Cluster Analysis Interpretation

The k-means cluster analysis grouped the grocery transactions into three customer segments based on similar shopping behaviors.

The cluster sizes were:

Cluster 1 was the largest group, showing that many customers had similar purchasing patterns. Cluster 2 was the smallest and may represent customers with more unique shopping habits. Cluster 3 represented another distinct group of shoppers.

The cluster plot showed the three groups using different colors. Although some overlap existed, the visualization still showed clear differences between customer purchasing patterns.
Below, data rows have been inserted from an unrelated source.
(* The presentations $$\mathcal P_1=\langle a,b,c,d,r,s\mid ab\bar a r,\ \bar r\bar b c s,\ \bar s d\bar c\bar d\rangle,\qquad \mathcal P_2=\langle a,b,c,d,r,s,t,u,v\mid abr,\ \bar r\bar a s,\ \bar s\bar b t,\ \bar t c u,\ \bar u d v,\ \bar v\bar c\bar d\rangle$$ (where $\bar x=x^{-1}$) are of small cancellation type $C(4)$–$T(5)$ and $C(3)$–$T(7)$ respectively, both present the fundamental group of the closed orientable surface of genus two, and neither is a Dehn presentation.
   Context: $C(p)$ and $T(q)$ are the standard small cancellation conditions (no relator in the symmetrized closure is a product of fewer than $p$ pieces; $T(q)$ is the standard condition on cycles of relators of length between 3 and $q-1$). A presentation is a Dehn presentation if every nonempty cyclically reduced word representing the identity contains a subword $v$ of (a cyclic permutation of) some relator $r^{\pm1}$ with $|v|>|r|/2$. *)

From Stdlib Require Import Relations.
From mathcomp Require Import all_boot.
Set Implicit Arguments. Unset Strict Implicit. Unset Printing Implicit Defensive.

(* A letter is (generator index, inverted?) ; (x,false) = x, (x,true) = x^-1. *)
Definition letter := (nat * bool)%type.
Definition word := seq letter.

Definition linv (l : letter) : letter := (l.1, ~~ l.2).
Definition winv (w : word) : word := rev (map linv w).

Definition wf_word (n : nat) (w : word) : bool := all (fun l => l.1 < n) w.

Fixpoint freely_reduced (w : word) : bool :=
  match w with
  | x :: ((y :: _) as t) => (y != linv x) && freely_reduced t
  | _ => true
  end.

Definition cyc_reduced (w : word) : bool :=
  freely_reduced w && (if w is x :: _ then last x w != linv x else true).

Definition relators := seq word.

(* Equality in the presented group: congruence generated by free
   cancellation and insertion/deletion of relators and their inverses. *)
Inductive gstep (R : relators) : word -> word -> Prop :=
| gstep_free u1 u2 x : gstep R (u1 ++ x :: linv x :: u2) (u1 ++ u2)
| gstep_rel u1 u2 r : r \in R -> gstep R (u1 ++ r ++ u2) (u1 ++ u2)
| gstep_relinv u1 u2 r : r \in R -> gstep R (u1 ++ winv r ++ u2) (u1 ++ u2).

Definition word_eq (R : relators) : word -> word -> Prop :=
  clos_refl_sym_trans word (gstep R).

Definition symm (R : relators) : seq word :=
  flatten [seq [seq rot i r' | i <- iota 0 (size r')]
          | r' <- flatten [seq [:: r; winv r] | r <- R]].

Definition piece (R : relators) (p : word) : Prop :=
  p != [::] /\
  exists r1 r2, [/\ r1 \in symm R, r2 \in symm R, r1 != r2,
                    prefix p r1 & prefix p r2].

Definition C_cond (p : nat) (R : relators) : Prop :=
  forall r, r \in symm R ->
  forall ps : seq word, (forall q, q \in ps -> piece R q) ->
  flatten ps = r -> p <= size ps.

Definition T_cond (q : nat) (R : relators) : Prop :=
  forall h, 3 <= h -> h < q ->
  forall rs : seq word, size rs = h ->
  (forall r, r \in rs -> r \in symm R) ->
  (forall i, i.+1 < h -> nth [::] rs i.+1 != winv (nth [::] rs i)) ->
  exists2 i, i < h &
    freely_reduced (nth [::] rs i ++ nth [::] rs ((i.+1) %% h)).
Businesses can use these results to improve marketing, product placement, and customer recommendations.

Conclusion

This project used market basket analysis to explore customer purchasing patterns within the Grocery Data Set using R. By applying the Apriori algorithm, the analysis identified products that were frequently purchased together and measured the strength of these relationships using support, confidence, and lift.

The results showed several strong associations between grocery items, especially among products that are commonly used together or purchased as part of the same meal. Visualizations such as scatter plots and network graphs helped display these relationships more clearly.

The cluster analysis also divided customers into three groups based on similar shopping behaviors, showing that different types of customers have different purchasing habits.

Overall, the analysis demonstrated how association rule mining and clustering can provide valuable business insights. Companies can use these findings to improve marketing strategies, organize store layouts, recommend related products, and increase sales through cross-selling opportunities.